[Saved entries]
--------------------

(* Let $G$ be a graph on $V$ and $W\subseteq V$ reducible in $G$. Then for every combinatorial reduction strategy applicable to $G$ whose domain is $W$, the number of applications of the negative rule $\mathrm{gnr}$ in the strategy equals the nullity of $W$ in $G$, namely $|W|-\operatorname{rank}_{\mathbf F_2}(A_{W,W})$. In particular, all such strategies use the same number of negative rules, and every successful strategy (domain $V$) uses exactly $|V|-\operatorname{rank}_{\mathbf F_2}(A)$ negative rules.
   Context: A graph means a finite simple graph in which loops are allowed, with adjacency matrix $A$ over $\mathbf F_2$ ($A_{vv}=1$ iff $v$ has a loop); $A_{W,W}$ is the principal submatrix on $W$. Let $\mathcal V$ be the $\mathbf F_2$-vector space with basis $V$, $\mathcal E(x,y)=x^TAy$, $\langle W\rangle$ the span of $W$, $\langle W\rangle^{\perp\mathcal E}=\{x:\mathcal E(x,w)=0\ \forall w\in\langle W\rangle\}$; $W$ is reducible if $\langle W\rangle+\langle W\rangle^{\perp\mathcal E}=\mathcal V$. Combinatorial reduction rules (domain ordered first, $R$ the principal submatrix on the remaining vertices): $\mathrm{gpr}_v$ applies iff $v$ has a loop, $\begin{pmatrix}1&Q\\Q^T&R\end{pmatrix}\mapsto R-Q^TQ$; $\mathrm{gdr}_{v_1,v_2}$ applies iff $v_1,v_2$ are loopless and adjacent, $\begin{pmatrix}J&Q\\Q^T&R\end{pmatrix}\mapsto R-Q^TJQ$, $J=\begin{pmatrix}0&1\\1&0\end{pmatrix}$; $\mathrm{gnr}_v$ (negative rule) applies iff $v$ is loopless with no neighbors, $\begin{pmatrix}0&\mathbf 0\\ \mathbf 0^T&R\end{pmatrix}\mapsto R$. A combinatorial reduction strategy is a sequence $(\gamma_1,\dots,\gamma_k)$ of such rules; it is applicable to $G$ if each $\gamma_i$ applies to $\gamma_{i-1}\circ\cdots\circ\gamma_1(G)$; its domain is the set of all vertices removed; it is successful if applicable with domain $V$. *)

From HB Require Import structures.
From mathcomp Require Import all_boot all_order all_algebra.
Set Implicit Arguments. Unset Strict Implicit. Unset Printing Implicit Defensive.
Import GRing.Theory.
Local Open Scope ring_scope.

--------------------

* _PROBLEM STATEMENT_
Your answer should consist only of the count of lines in the data that contain "Require".

* _EXERCISE OUTPUT_
2